Education is endogenous because factors like personal abilities and family background are correlated with both education and earnings. Experience is also likely to be endogenous because we define it using years of education. Then, factors like abilities introduce endogeneity into the variable.
card$interaction1 <- card$nearc4a * card$age76
card$interaction2 <- card$nearc4a * (card$age76)^2 / 100
# 2SLS
structural_model <- ivreg(lwage76 ~ ed76 + exp + I(exp^2/100) + black + reg76r + smsa76r | nearc4a + nearc4b + interaction1 + interaction2 + exp + I(exp^2/100) + black + reg76r + smsa76r, data = card)
summary(structural_model)
##
## Call:
## ivreg(formula = lwage76 ~ ed76 + exp + I(exp^2/100) + black +
## reg76r + smsa76r | nearc4a + nearc4b + interaction1 + interaction2 +
## exp + I(exp^2/100) + black + reg76r + smsa76r, data = card)
##
## Residuals:
## Min 1Q Median 3Q Max
## -1.61638 -0.22444 0.02206 0.24233 1.34656
##
## Coefficients:
## Estimate Std. Error t value Pr(>|t|)
## (Intercept) 4.590107 0.106727 43.008 < 2e-16 ***
## ed76 0.082539 0.006030 13.688 < 2e-16 ***
## exp 0.087094 0.006952 12.529 < 2e-16 ***
## I(exp^2/100) -0.224720 0.031817 -7.063 2.02e-12 ***
## black -0.181022 0.018325 -9.878 < 2e-16 ***
## reg76r -0.121940 0.015226 -8.009 1.64e-15 ***
## smsa76r 0.157018 0.015793 9.942 < 2e-16 ***
## ---
## Signif. codes: 0 '***' 0.001 '**' 0.01 '*' 0.05 '.' 0.1 ' ' 1
##
## Residual standard error: 0.3746 on 3003 degrees of freedom
## Multiple R-Squared: 0.2891, Adjusted R-squared: 0.2877
## Wald test: 161.6 on 6 and 3003 DF, p-value: < 2.2e-16
This estimated effect is half of the size of the coefficient in the last model.

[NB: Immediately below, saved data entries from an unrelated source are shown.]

Lemma unif_prob_exists m (J : finType) (E : J -> pred {ffun 'I_m -> 'I_n}) :
  Pr (fun s => [exists j, E j s]) <= \sum_j Pr (E j).
Proof.
rewrite unif_probE; under eq_bigr do rewrite unif_probE.
rewrite -unif_mean_sum; apply: le_unif_mean => s.
case: existsP => [[j Ej]|_]; last by apply: sumr_ge0 => j _; rewrite ler0n.
by rewrite (bigD1 j) //= Ej lerDl sumr_ge0 // => i _; rewrite ler0n.
Qed.

Lemma unif_mean_count m (B : {set 'I_n}) :
  unif_mean (fun s : {ffun 'I_m -> 'I_n} => (count (mem B) (codom s))%:R) =
  m%:R * (#|B|%:R / n%:R).
Proof.
elim: m => [|m IH].
  by rewrite (unif_mean0 _ [ffun=> Ordinal n_gt0]) codomE enum_ord0 mul0r.
rewrite unif_meanS.
under eq_bigr => v _.
  rewrite (eq_unif_mean (Y := fun s => (v \in B)%:R + (count (mem B) (codom s))%:R)).
    by rewrite unif_meanD unif_mean_cst IH; over.
  by move=> s; rewrite codom_fcons /= natrD.
rewrite big_split /= sumr_const card_ord -[_ *+ n]mulr_natr sum_indicator.
by rewrite -addn1 natrD; field; rewrite pnatr_eq0 -lt0n.
Qed.

Lemma unif_prob_count_gt m (B : {set 'I_n}) K :
  K.+1%:R * Pr (fun s : {ffun 'I_m -> 'I_n} => K < count (mem B) (codom s))%N
  <= m%:R * (#|B|%:R / n%:R).
Proof.
rewrite -unif_mean_count unif_probE -unif_meanZ; apply: le_unif_mean => s.
by case: ltnP => [lt|_]; rewrite ?mulr1 ?mulr0 ?ler_nat.
Qed.

Lemma unif_prob_avoid m (A : {set 'I_n}) :
  Pr (fun s : {ffun 'I_m -> 'I_n} => ~~ has (mem A) (codom s)) =
  (1 - #|A|%:R / n%:R) ^+ m.
Proof.
elim: m => [|m IH].
  by rewrite (unif_prob0 _ [ffun=> Ordinal n_gt0]) codomE enum_ord0.
rewrite unif_probS exprS -IH.
under eq_bigr => v _.
  rewrite (eq_unif_prob (F := fun s => (v \notin A) && ~~ has (mem A) (codom s))).
    by rewrite unif_prob_andl; over.
  by move=> s; rewrite codom_fcons /= negb_or.
rewrite -mulr_suml mulrA; congr (_ * _).
under eq_bigr do rewrite -in_setC.
have := cardsC A; rewrite card_ord sum_indicator => /(congr1 (fun k => k%:R : R)).
rewrite natrD => <-; field.
by rewrite -natrD cardsC card_ord pnatr_eq0 -lt0n.
Qed.

Lemma unif_prob_avoid_le m (A : {set 'I_n}) (c delta : R) :
  0 < delta -> c * n%:R <= #|A|%:R -> ln delta^-1 <= c * m%:R ->
  Pr (fun s : {ffun 'I_m -> 'I_n} => ~~ has (mem A) (codom s)) <= delta.
Proof.
move=> delta_gt0 A_large m_large; have n_pos : 0 < n%:R :> R by rewrite ltr0n.
rewrite unif_prob_avoid; set y := #|A|%:R / n%:R.
have y_le1 : y <= 1.
  by rewrite ler_pdivrMr // mul1r ler_nat -[X in (_ <= X)%N]card_ord max_card.
have c_le_y : c <= y by rewrite ler_pdivlMr.
apply: le_trans (onem_expn_le_expR m y_le1) _.
rewrite -[X in _ <= X]invrK -[X in _ <= X^-1]lnK ?posrE ?invr_gt0 // -expRN.
by rewrite ler_expR mulNr lerN2 (le_trans m_large) // ler_wpM2r.
Qed.

Definition coordwise_monotone m (r : rel 'I_n) (f : pred {ffun 'I_m -> 'I_n}) :=
  forall s t : {ffun 'I_m -> 'I_n}, (forall j, r (s j) (t j)) -> f s -> f t.

Lemma unif_prob_harris (rho : pred 'I_n) m (f g : pred {ffun 'I_m -> 'I_n}) :
  coordwise_monotone [rel x y | (x == y) || ~~ rho x && rho y] f ->
  coordwise_monotone [rel x y | rho x ==> rho y] g ->
  Pr f * Pr g <= Pr (fun s => f s && g s).
Proof.
elim: m f g => [|m IH] f g f_up g_up.
  rewrite !(unif_prob0 _ [ffun=> Ordinal n_gt0]).
  by case: (f _); case: (g _); rewrite ?mul1r ?mul0r.
rewrite !unif_probS.
set a := fun v => Pr (fun s => f (fcons v s)).
set b := fun v => Pr (fun s => g (fcons v s)).
have up v w : ~~ rho v -> rho w -> a v <= a w /\ b v <= b w.
  move=> rv rw; split; apply: le_unif_prob => s.
    by apply: f_up; apply: fcons_rel => [|j] /=; rewrite ?eqxx ?rv ?rw ?orbT.
  by apply: g_up; apply: fcons_rel => [|j] /=; rewrite ?implybb ?(negbTE rv).
have same v w : rho v = rho w -> b v = b w.
  move=> rvw; apply/le_anti/andP; split; apply: le_unif_prob => s; apply: g_up;
    by apply: fcons_rel => [|j] /=; rewrite ?rvw implybb.
have cheb : (\sum_v a v) * (\sum_v b v) <= n%:R * \sum_v a v * b v.
  rewrite -[X in X%:R * _]card_ord; apply: chebyshev_sum => v w.
  case: (boolP (rho v)) => rv; case: (boolP (rho w)) => rw.
  - by rewrite (same v w) ?rv ?rw // subrr mulr0.
  - by have [? ?] := up w v rw rv; rewrite mulr_ge0 // subr_ge0.
  - by have [? ?] := up v w rv rw; rewrite mulr_le0 // subr_le0.
  - by rewrite (same v w) ?(negbTE rv) ?(negbTE rw) // subrr mulr0.
have IHv v : a v * b v <= Pr (fun s => f (fcons v s) && g (fcons v s)).
  by apply: IH => s t st; [apply: f_up | apply: g_up];
    apply: fcons_rel => //=; rewrite ?eqxx ?implybb.
have n_pos : 0 < n%:R :> R by rewrite ltr0n.
apply: (@le_trans _ _ (n%:R^-1 * \sum_v a v * b v)); last first.
  by rewrite ler_wpM2l ?invr_ge0 ?ler0n // ler_sum.
by rewrite mulrACA -mulrA ler_pM2l ?invr_gt0 // ler_pdivrMl.
Qed.

End UniformSampling.

Section EuclideanDistance.
Variables (R : realType) (D : nat).
Implicit Types (p q x : 'rV[R]_D) (H Q S : seq 'rV[R]_D).

Lemma edist_ge0 p q : 0 <= edist p q.
Proof. exact: sqrtr_ge0. Qed.

Lemma edistC p q : edist p q = edist q p.
Proof. by rewrite /edist /enorm; congr Num.sqrt; apply: eq_bigr => i _; rewrite !mxE; ring. Qed.

Lemma edistxx p : edist p p = 0.
Proof. by rewrite /edist /enorm big1 ?sqrtr0 // => i _; rewrite !mxE subrr expr0n. Qed.

Lemma edist_triangle p q x : edist p x <= edist p q + edist q x.
Proof.
rewrite /edist /enorm (eq_bigr (fun i => ((p - q) ord0 i + (q - x) ord0 i) ^+ 2)).
  exact: minkowski_sum.
by move=> i _; rewrite !mxE; congr (_ ^+ 2); ring.
Qed.

Lemma dist_set_le p H h : h \in H -> dist_set p H <= edist p h.
Proof. by move=> hH; apply: ge_bigmin_seq. Qed.

Lemma le_dist_set p H (c : R) : H != [::] -> (forall h, h \in H -> c <= edist p h) ->
  c <= dist_set p H.
Proof.
case: H => // h H _ cH; rewrite /dist_set big_seq.
by apply: le_bigmin => [|i]; [apply: cH; rewrite mem_head | apply: cH].
Qed.

(* For H = [::] the definition makes dist_set p H = edist p p = 0. *)
Lemma dist_set_triangle p q H : dist_set p H <= edist p q + dist_set q H.
Proof.
case: H => [|h H]; first by rewrite /dist_set !big_nil /= !edistxx addr0 edist_ge0.
suff : dist_set p (h :: H) - edist p q <= dist_set q (h :: H) by rewrite lerBlDl.
apply: le_dist_set => // h' h'H; rewrite lerBlDl.
exact: le_trans (dist_set_le p h'H) (edist_triangle p q h').
Qed.

Lemma separated_size_le (L Q : seq 'rV[R]_D) r :
  (forall a b, (a < b < size L)%N -> 2 * r < edist (nth 0 L a) (nth 0 L b)) ->
  (forall x, x \in L -> exists2 q, q \in Q & edist x q <= r) ->
  (size L <= size Q)%N.
Proof.
move=> sep cover.
pose f a := nth 0 Q (find (fun q => edist (nth 0 L a) q <= r) Q).
have fP a : (a < size L)%N -> f a \in Q /\ edist (nth 0 L a) (f a) <= r.
  move=> aL; have [q qQ xq] := cover _ (mem_nth 0 aL).
  have hasQ : has (fun q => edist (nth 0 L a) q <= r) Q by apply/hasP; exists q.
  by split; [rewrite /f mem_nth // -has_find | exact: (nth_find 0 hasQ)].
have clash a b : (a < b < size L)%N -> f a != f b.
  move=> abL; have /andP[ab bL] := abL; have aL := ltn_trans ab bL.
  apply/eqP => fab; have := sep a b abL.
  have [_ ha] := fP a aL; have [_ hb] := fP b bL; rewrite fab in ha.
  have := edist_triangle (nth 0 L a) (f b) (nth 0 L b).
  rewrite (edistC (f b)); lra.
have f_inj : {in iota 0 (size L) &, injective f}.
  move=> a b; rewrite !mem_iota /= => aL bL fab.
  have [ab|ba|//] := ltngtP a b.
    by have := clash a b; rewrite ab bL fab eqxx => /(_ isT).
  by have := clash b a; rewrite ba aL fab eqxx => /(_ isT).
have sub : {subset map f (iota 0 (size L)) <= Q}.
  by move=> _ /mapP[a + ->]; rewrite mem_iota => /andP[_ aL]; exact: (fP a aL).1.
have f_uniq : uniq (map f (iota 0 (size L))) by rewrite (map_inj_in_uniq f_inj) iota_uniq.
by have := uniq_leq_size f_uniq sub; rewrite size_map size_iota.
Qed.

Lemma gonzalez_run_sub S M H : gonzalez_run S M H -> {subset H <= S}.
Proof. by move=> [sH [inS _]] h /(nthP 0)[i iH <-]; apply: inS; rewrite -sH. Qed.

Lemma gonzalez_spread S M H x : gonzalez_run S M H -> x \in S ->
  forall a b, (a < b < M.+1)%N ->
  dist_set x H <= edist (nth 0 (x :: H) a) (nth 0 (x :: H) b).
Proof.
move=> [sH [_ far]] xS [|a] [|b] //=.
  by rewrite ltnS => bM; apply: dist_set_le; rewrite mem_nth ?sH.
rewrite !ltnS => /andP[ab bM].
have b_gt0 : (0 < b)%N := leq_ltn_trans (leq0n a) ab.
have aH : nth 0 H a \in take b H by rewrite -(nth_take 0 ab) mem_nth // size_take sH bM.
apply: le_trans (_ : dist_set x (take b H) <= _).
  apply: le_dist_set => [|h /mem_take]; last exact: dist_set_le.
  by rewrite -size_eq0 size_take sH bM -lt0n.
rewrite edistC; apply: le_trans (dist_set_le _ aH).
by apply: far => //; rewrite b_gt0.
Qed.

Lemma gonzalez_cover S M H Q r : gonzalez_run S M H -> (size Q <= M)%N ->
  (forall x, x \in S -> exists2 q, q \in Q & edist x q <= r) ->
  forall x, x \in S -> dist_set x H <= 2 * r.
Proof.
move=> run QM cover x xS; rewrite leNgt; apply/negP => far.
have sizeL : size (x :: H) = M.+1 by case: run => sH _; rewrite /= sH.
suff : (size (x :: H) <= size Q)%N by rewrite sizeL => /leq_trans/(_ QM); rewrite ltnn.
apply: (separated_size_le (r := r)) => [a b|y].
  by rewrite sizeL => abM; exact: lt_le_trans far (gonzalez_spread run xS abM).
rewrite inE => /predU1P[->|/(gonzalez_run_sub run) yS]; [exact: cover xS|exact: cover yS].
Qed.

Variables (n : nat) (P : 'I_n -> 'rV[R]_D).
Implicit Types A : {set 'I_n}.

Lemma cost_out_le_max_dist z H A : #|A| = (n - z)%N -> cost_out P z H <= max_dist P H A.
Proof. by move=> cardA; apply: ge_bigmin_seq; rewrite ?mem_index_enum ?cardA. Qed.

Lemma max_dist_le H A (c : R) : 0 <= c -> (forall i, i \in A -> dist_set (P i) H <= c) ->
  max_dist P H A <= c.
Proof. exact: bigmax_le. Qed.

Lemma dist_set_le_max_dist H A i : i \in A -> dist_set (P i) H <= max_dist P H A.
Proof. exact: (@le_bigmax_cond _ _ _ _ i (fun j => j \in A) (fun j => dist_set (P j) H)). Qed.

End EuclideanDistance.

Section KCenterSample.
Variables (R : realType) (D n k : nat) (P : 'I_n -> 'rV[R]_D).
Variables (Popt : {set 'I_n}) (sigma : 'I_n -> 'I_k).
Local Notation Pr := (@unif_prob R n _).

Definition cluster j := [set i in Popt | sigma i == j].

summary(structural_model, diagnostics = TRUE)
##
## Call:
## ivreg(formula = lwage76 ~ ed76 + exp + I(exp^2/100) + black +
## reg76r + smsa76r | nearc4a + nearc4b + interaction1 + interaction2 +
## exp + I(exp^2/100) + black + reg76r + smsa76r, data = card)
##
## Residuals:
## Min 1Q Median 3Q Max
## -1.61638 -0.22444 0.02206 0.24233 1.34656
##
## Coefficients:
## Estimate Std. Error t value Pr(>|t|)
## (Intercept) 4.590107 0.106727 43.008 < 2e-16 ***
## ed76 0.082539 0.006030 13.688 < 2e-16 ***
## exp 0.087094 0.006952 12.529 < 2e-16 ***
## I(exp^2/100) -0.224720 0.031817 -7.063 2.02e-12 ***
## black -0.181022 0.018325 -9.878 < 2e-16 ***
## reg76r -0.121940 0.015226 -8.009 1.64e-15 ***
## smsa76r 0.157018 0.015793 9.942 < 2e-16 ***
##
## Diagnostic tests:
## df1 df2 statistic p-value
## Weak instruments 4 3000 384.015 <2e-16 ***
## Wu-Hausman 1 3002 3.034 0.0817 .
## Sargan 3 NA 10.978 0.0118 *
## ---
## Signif. codes: 0 '***' 0.001 '**' 0.01 '*' 0.05 '.' 0.1 ' ' 1
##
## Residual standard error: 0.3746 on 3003 degrees of freedom
## Multiple R-Squared: 0.2891, Adjusted R-squared: 0.2877
## Wald test: 161.6 on 6 and 3003 DF, p-value: < 2.2e-16
The Wu-Hausman test gives a test statistic of 3.034 with p-value of 0.0817, which is slightly above conventional cutoff of 0.05. The test gives week evidence of an exogenous ed76 in the structural model, so an IV might still be necessary.